Les doigts de Shivang Singh sont si petits que le lecteur a du mal à numériser ses empreintes digitales. Ses yeux disparaissent ensuite derrière un scanner d’iris, puis s’affichent sur l’écran d’un ordinateur. Ne lui reste plus qu’à se faire tirer le portrait, et Shivang pourra rentrer chez lui. Ces formalités, ce n’était pas bien méchant, mais ce petit garçon de 6 ans a tout de même trouvé ça étrange. D’ordinaire, quand il franchit la porte de cette échoppe à peine plus grande qu’une chambre de bonne, c’est pour acheter des bonbons. Aujourd’hui, la boutique s’est transformée en centre de fichage et Shivang a fait la queue dans cette rue poussiéreuse du sud de Delhi, avant de suivre la procédure pour intégrer la base de données Aadhaar. C’est obligatoire, s’il veut manger à la cantine. “Son école nous le demande depuis un moment”, confie son père Amrendra. Comme plus de 1,19 milliard de résidents indiens, soit 90 % de la population. Shivang a donc hérité d’un numéro d’identité unique composé de 12 chiffres, associé à ses caractéristiques biométriques (empreintes des doigts, de l’iris de l’oeil, photo du visage) et démographiques (nom, date de naissance, adresse…). Effets pervers. Lancé en 2009 par le parti du Congrès (de centre gauche), actuellement dans l’opposition, ce programme prétendait à ses débuts lutter contre la pauvreté. Grâce à son système d’authentification Aadhaar (fondation, en hindi), il entendait notamment contrôler que les prestations sociales étaient attribuées à leurs vrais bénéficiaires, et mettre fin à la fraude.
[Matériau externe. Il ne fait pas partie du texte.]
(* Let $G\neq0$ and $\Lambda\in\mathbb R$, and let $T(U)=2G\log U+\Lambda\,\mathrm{tr}(\log U)\mathbb 1$ on $\mathrm{PSym}(3)$. Then there exists a differentiable function $W:\mathrm{PSym}(3)\to\mathbb R$ with $T(U)=D W(U)$ (i.e. $\langle T(U),H\rangle=DW(U)[H]$ for all $H\in\mathrm{Sym}(3)$) if and only if $\Lambda=0$ (equivalently, Poisson's ratio $\nu=\frac{\Lambda}{2(\Lambda+G)}$ vanishes). In that case, with normalization $W(\mathbb 1)=0$, $$W(U)=2G\big[\langle U,\log U-\mathbb 1\rangle+3\big]=2G\sum_{i=1}^3\lambda_i(\ln\lambda_i-1)+6G,$$ where $\lambda_i$ are the eigenvalues of $U$.
   Context: $\mathrm{Sym}(3)$: real symmetric $3\times3$ matrices; $\mathrm{PSym}(3)$: symmetric positive definite ones; $\mathbb 1$: identity; $\log$: principal matrix logarithm; $\langle X,Y\rangle=\mathrm{tr}(Y^TX)$. *)

(* real 3x3 matrices represented as functions nat -> nat -> R,
   only indices 0,1,2 are meaningful. *)
From Stdlib Require Import Reals ClassicalEpsilon.
Open Scope R_scope.

Definition Mat := nat -> nat -> R.

Definition sum3 (f : nat -> R) : R := f 0%nat + f 1%nat + f 2%nat.

Definition meq (A B : Mat) : Prop :=
  forall i j, (i < 3)%nat -> (j < 3)%nat -> A i j = B i j.

Definition mmul (A B : Mat) : Mat := fun i j => sum3 (fun k => A i k * B k j).
Definition transp (A : Mat) : Mat := fun i j => A j i.
Definition madd (A B : Mat) : Mat := fun i j => A i j + B i j.
Definition id3 : Mat := fun i j => if Nat.eqb i j then 1 else 0.
Definition diag3 (l : nat -> R) : Mat := fun i j => if Nat.eqb i j then l i else 0.
Definition mtr (A : Mat) : R := sum3 (fun i => A i i).

Definition inner (X Y : Mat) : R := mtr (mmul (transp Y) X).
Definition fnorm (H : Mat) : R := sqrt (inner H H).

Definition sym (A : Mat) : Prop :=
  forall i j, (i < 3)%nat -> (j < 3)%nat -> A i j = A j i.
Definition psym (A : Mat) : Prop :=
  sym A /\
  forall x : nat -> R, ~ (x 0%nat = 0 /\ x 1%nat = 0 /\ x 2%nat = 0) ->
    0 < sum3 (fun i => sum3 (fun j => x i * A i j * x j)).

Definition orth (Q : Mat) : Prop := meq (mmul (transp Q) Q) id3.

Definition spectral (U Q : Mat) (l : nat -> R) : Prop :=
  orth Q /\ (forall i, (i < 3)%nat -> 0 < l i) /\
  meq U (mmul (mmul Q (diag3 l)) (transp Q)).

Definition is_mlog (U L : Mat) : Prop :=
  exists Q l, spectral U Q l /\
    meq L (mmul (mmul Q (diag3 (fun i => ln (l i)))) (transp Q)).

Definition mlog (U : Mat) : Mat :=
  epsilon (inhabits (fun _ _ => 0)) (fun L => is_mlog U L).

Definition Tmap (G Lam : R) (U : Mat) : Mat :=
  fun i j => 2 * G * mlog U i j + Lam * mtr (mlog U) * id3 i j.

Definition has_sym_deriv (W : Mat -> R) (U T : Mat) : Prop :=
  forall eps, 0 < eps -> exists delta, 0 < delta /\
    forall H, sym H -> psym (madd U H) -> fnorm H < delta ->
      Rabs (W (madd U H) - W U - inner T H) <= eps * fnorm H.

(* Write U = P diag(u) P^T and U + H = Q diag(v) Q^T, and let w_ij = ((P^T Q)_ij)^2, a doubly
   stochastic matrix. For E(U) = <U, log U - 1> one finds

     E(U + H) - E(U) - <log U, H> = sum_ij w_ij (v_j ln v_j - v_j ln u_i - v_j + u_i),
     |H|^2 = sum_ij w_ij (v_j - u_i)^2,

   and since 0 <= v ln (v / u) - v + u <= (v - u)^2 / u, E is differentiable with derivative
   log U. Hence 2G (E + 3) is a potential of T when Lambda = 0, and any potential vanishing at
   the identity equals it (integrate the difference along the segment from the identity).
   Conversely, integrating a potential of T along the edges of the rectangle of matrices
   diag(a, b, 1), 1 <= a <= 2, 1 <= b <= 3, gives Lambda (2 ln 2 - ln 3) = 0. *)

From Stdlib Require Import Reals Lra Lia Psatz Setoid Morphisms FunctionalExtensionality
  ClassicalEpsilon Classical.
Open Scope R_scope.

(** * Matrix algebra and the functional calculus *)

Ltac idx3 :=
  let i := fresh "i" in let j := fresh "j" in
  intros i j ? ?;
  destruct i as [|[|[|i]]]; [| | | exfalso; lia];
  (destruct j as [|[|[|j]]]; [| | | exfalso; lia]).

Lemma sum_sq3_pos x0 x1 x2 :
  ~ (x0 = 0 /\ x1 = 0 /\ x2 = 0) -> 0 < x0 * x0 + x1 * x1 + x2 * x2.
Proof.
  intros Hx.
  destruct (Req_dec x0 0); [destruct (Req_dec x1 0); [destruct (Req_dec x2 0)|]|].
  - tauto.
  - pose proof (Rsqr_pos_lt x2 ltac:(assumption)); unfold Rsqr in *; nra.
  - pose proof (Rsqr_pos_lt x1 ltac:(assumption)); unfold Rsqr in *; nra.
  - pose proof (Rsqr_pos_lt x0 ltac:(assumption)); unfold Rsqr in *; nra.
Qed.

#[export] Instance meq_equiv : Equivalence meq.
Proof.
  split.
  - intros A i j _ _; reflexivity.
  - intros A B H i j Hi Hj; symmetry; auto.
  - intros A B C H1 H2 i j Hi Hj; rewrite H1; auto.
Qed.

#[export] Instance mmul_meq : Proper (meq ==> meq ==> meq) mmul.
Proof.
  intros A A' HA B B' HB i j Hi Hj; unfold mmul, sum3.
  rewrite !HA, !HB by lia; reflexivity.
Qed.

#[export] Instance transp_meq : Proper (meq ==> meq) transp.
Proof. intros A A' H i j Hi Hj; unfold transp; auto. Qed.

#[export] Instance inner_meq : Proper (meq ==> meq ==> eq) inner.
Proof.
  intros X X' HX Y Y' HY; unfold inner, mtr, mmul, transp, sum3.
  rewrite !HX, !HY by lia; reflexivity.
Qed.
Pourtant, près de dix ans après sa création, ce fichage high-tech peine à tenir ses promesses. Loin de garantir une plus grande équité dans les aides et les sub- ventions, il renforce au contraire les inégalités, sans faire le moindre effort pour protéger ses données.
Les premiers à en pâtir sont les nécessiteux des campagnes, parfois privés de nourriture par cet impitoyable inquisiteur. Avant Aadhaar, la loi sur la sécurité alimentaire abaissait systématiquement pour les plus pauvres le prix du kilo de blé à deux roupies (0,02 euros) et celui du kilo de riz à trois roupies. Désormais, dans certaines provinces, ce rabais est strictement réservé aux Indiens enregistrés dans le fichier. Les bénéficiaires doivent alors s’identifier en faisant scanner
leurs empreintes. Dans ces zones rurales privées de connexion Internet, parfois même d’électricité, c’est mission impossible. Mais l’administration ne veut rien entendre. Les villageois sont condamnés à la diète. Alors que de nombreuses familles accusent Aadhaar de les laisser mourir de faim, le Big Brother indien est déjà suspecté d’être impliqué dans une demi-douzaine de décès. “Dans les villages qui rendent cette authentification obligatoire, le pourcentage de foyers privés de céréales est ainsi cinq fois plus élevé”, note Reetika Khera, une chercheuse de l’Indian Institute of Technology, à Delhi.